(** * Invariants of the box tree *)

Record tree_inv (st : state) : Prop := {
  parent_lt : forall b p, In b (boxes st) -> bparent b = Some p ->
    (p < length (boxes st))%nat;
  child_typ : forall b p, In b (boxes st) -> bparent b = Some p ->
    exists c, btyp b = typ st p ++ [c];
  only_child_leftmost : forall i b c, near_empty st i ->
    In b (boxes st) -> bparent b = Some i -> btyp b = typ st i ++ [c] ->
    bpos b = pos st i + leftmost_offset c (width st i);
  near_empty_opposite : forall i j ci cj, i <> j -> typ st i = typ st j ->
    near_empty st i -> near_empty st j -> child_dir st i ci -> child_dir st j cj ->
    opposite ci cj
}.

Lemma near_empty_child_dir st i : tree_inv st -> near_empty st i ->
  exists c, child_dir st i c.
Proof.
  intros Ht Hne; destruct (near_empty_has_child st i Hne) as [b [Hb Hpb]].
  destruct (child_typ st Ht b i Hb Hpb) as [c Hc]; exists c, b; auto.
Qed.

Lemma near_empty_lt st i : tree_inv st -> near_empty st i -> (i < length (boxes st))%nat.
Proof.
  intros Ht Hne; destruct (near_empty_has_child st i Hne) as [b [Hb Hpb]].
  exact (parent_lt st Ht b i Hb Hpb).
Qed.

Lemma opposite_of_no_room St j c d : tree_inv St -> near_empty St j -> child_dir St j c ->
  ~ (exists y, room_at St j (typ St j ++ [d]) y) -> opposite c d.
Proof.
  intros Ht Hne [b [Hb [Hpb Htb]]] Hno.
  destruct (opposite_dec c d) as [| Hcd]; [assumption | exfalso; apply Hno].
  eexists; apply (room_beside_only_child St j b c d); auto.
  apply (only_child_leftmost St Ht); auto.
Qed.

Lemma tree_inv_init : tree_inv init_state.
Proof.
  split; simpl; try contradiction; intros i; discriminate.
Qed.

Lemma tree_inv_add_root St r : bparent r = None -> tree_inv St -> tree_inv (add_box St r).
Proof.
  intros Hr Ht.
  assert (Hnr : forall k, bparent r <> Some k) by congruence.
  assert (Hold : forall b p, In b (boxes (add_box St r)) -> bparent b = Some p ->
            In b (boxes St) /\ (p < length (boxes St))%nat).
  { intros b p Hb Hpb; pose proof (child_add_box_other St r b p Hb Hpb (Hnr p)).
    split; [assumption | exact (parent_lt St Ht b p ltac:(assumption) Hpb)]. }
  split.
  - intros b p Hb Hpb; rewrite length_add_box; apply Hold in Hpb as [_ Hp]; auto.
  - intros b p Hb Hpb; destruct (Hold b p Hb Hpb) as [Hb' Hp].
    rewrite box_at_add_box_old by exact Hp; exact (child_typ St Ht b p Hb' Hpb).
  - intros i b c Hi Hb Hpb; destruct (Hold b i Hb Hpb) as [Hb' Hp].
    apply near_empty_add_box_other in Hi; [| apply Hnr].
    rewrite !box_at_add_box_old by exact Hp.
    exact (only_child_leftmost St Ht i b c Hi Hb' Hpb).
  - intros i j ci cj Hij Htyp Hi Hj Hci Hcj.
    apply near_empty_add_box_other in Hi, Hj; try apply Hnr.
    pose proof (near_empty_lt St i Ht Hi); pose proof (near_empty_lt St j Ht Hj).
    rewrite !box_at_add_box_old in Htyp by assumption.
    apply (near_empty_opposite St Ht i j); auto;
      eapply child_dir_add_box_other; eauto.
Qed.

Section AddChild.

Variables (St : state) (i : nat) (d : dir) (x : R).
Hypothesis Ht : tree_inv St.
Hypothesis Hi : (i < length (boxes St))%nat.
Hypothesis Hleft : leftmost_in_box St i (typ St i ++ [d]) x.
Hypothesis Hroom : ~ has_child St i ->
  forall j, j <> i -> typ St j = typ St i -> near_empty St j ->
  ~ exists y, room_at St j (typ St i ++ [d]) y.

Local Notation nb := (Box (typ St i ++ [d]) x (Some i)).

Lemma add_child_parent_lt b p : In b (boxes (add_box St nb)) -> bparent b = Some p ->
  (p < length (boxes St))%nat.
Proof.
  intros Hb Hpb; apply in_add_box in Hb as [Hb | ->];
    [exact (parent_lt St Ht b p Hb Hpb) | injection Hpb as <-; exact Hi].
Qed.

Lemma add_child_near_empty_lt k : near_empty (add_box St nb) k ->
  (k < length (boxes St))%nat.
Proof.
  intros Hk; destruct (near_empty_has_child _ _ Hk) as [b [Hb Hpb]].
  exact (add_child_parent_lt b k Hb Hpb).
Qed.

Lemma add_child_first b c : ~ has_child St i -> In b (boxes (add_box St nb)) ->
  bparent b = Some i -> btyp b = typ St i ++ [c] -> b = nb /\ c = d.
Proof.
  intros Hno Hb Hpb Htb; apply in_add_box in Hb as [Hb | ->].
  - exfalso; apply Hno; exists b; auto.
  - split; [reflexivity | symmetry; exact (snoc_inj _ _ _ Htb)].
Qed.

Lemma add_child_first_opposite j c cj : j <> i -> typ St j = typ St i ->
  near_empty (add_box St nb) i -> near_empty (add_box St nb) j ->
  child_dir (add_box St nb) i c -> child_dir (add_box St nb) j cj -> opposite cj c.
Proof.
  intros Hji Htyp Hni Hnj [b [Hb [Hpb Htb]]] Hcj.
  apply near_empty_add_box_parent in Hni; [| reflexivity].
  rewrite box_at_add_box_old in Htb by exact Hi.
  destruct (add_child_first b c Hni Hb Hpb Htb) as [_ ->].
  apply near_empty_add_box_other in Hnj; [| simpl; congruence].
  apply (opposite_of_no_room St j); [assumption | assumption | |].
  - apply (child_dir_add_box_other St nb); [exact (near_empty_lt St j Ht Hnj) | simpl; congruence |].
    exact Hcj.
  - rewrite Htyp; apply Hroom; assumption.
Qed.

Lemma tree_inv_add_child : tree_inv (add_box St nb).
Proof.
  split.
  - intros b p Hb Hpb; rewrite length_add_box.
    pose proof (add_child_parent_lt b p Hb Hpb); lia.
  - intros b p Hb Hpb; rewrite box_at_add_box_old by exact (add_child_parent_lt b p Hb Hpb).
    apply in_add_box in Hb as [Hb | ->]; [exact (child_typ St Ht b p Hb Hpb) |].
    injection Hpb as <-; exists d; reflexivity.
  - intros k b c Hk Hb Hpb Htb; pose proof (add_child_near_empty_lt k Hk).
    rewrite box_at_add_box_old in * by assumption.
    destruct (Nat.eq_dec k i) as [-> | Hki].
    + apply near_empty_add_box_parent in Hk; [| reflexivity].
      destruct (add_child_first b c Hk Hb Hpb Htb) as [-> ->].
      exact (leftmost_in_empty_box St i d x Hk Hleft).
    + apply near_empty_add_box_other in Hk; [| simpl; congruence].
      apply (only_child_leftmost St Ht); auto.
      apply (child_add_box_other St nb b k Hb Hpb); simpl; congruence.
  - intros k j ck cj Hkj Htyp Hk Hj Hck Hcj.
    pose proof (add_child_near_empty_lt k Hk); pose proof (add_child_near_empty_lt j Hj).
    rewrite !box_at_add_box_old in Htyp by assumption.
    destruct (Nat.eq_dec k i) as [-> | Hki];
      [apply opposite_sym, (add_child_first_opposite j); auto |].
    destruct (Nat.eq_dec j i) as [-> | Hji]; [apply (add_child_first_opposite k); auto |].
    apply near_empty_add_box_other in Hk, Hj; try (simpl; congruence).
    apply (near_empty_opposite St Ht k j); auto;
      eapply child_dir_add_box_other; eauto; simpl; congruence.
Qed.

* * *

* [Requirement]: Count how many lines of the material hold the string "Htyp". Give the number and nothing more.

* [Output]: 6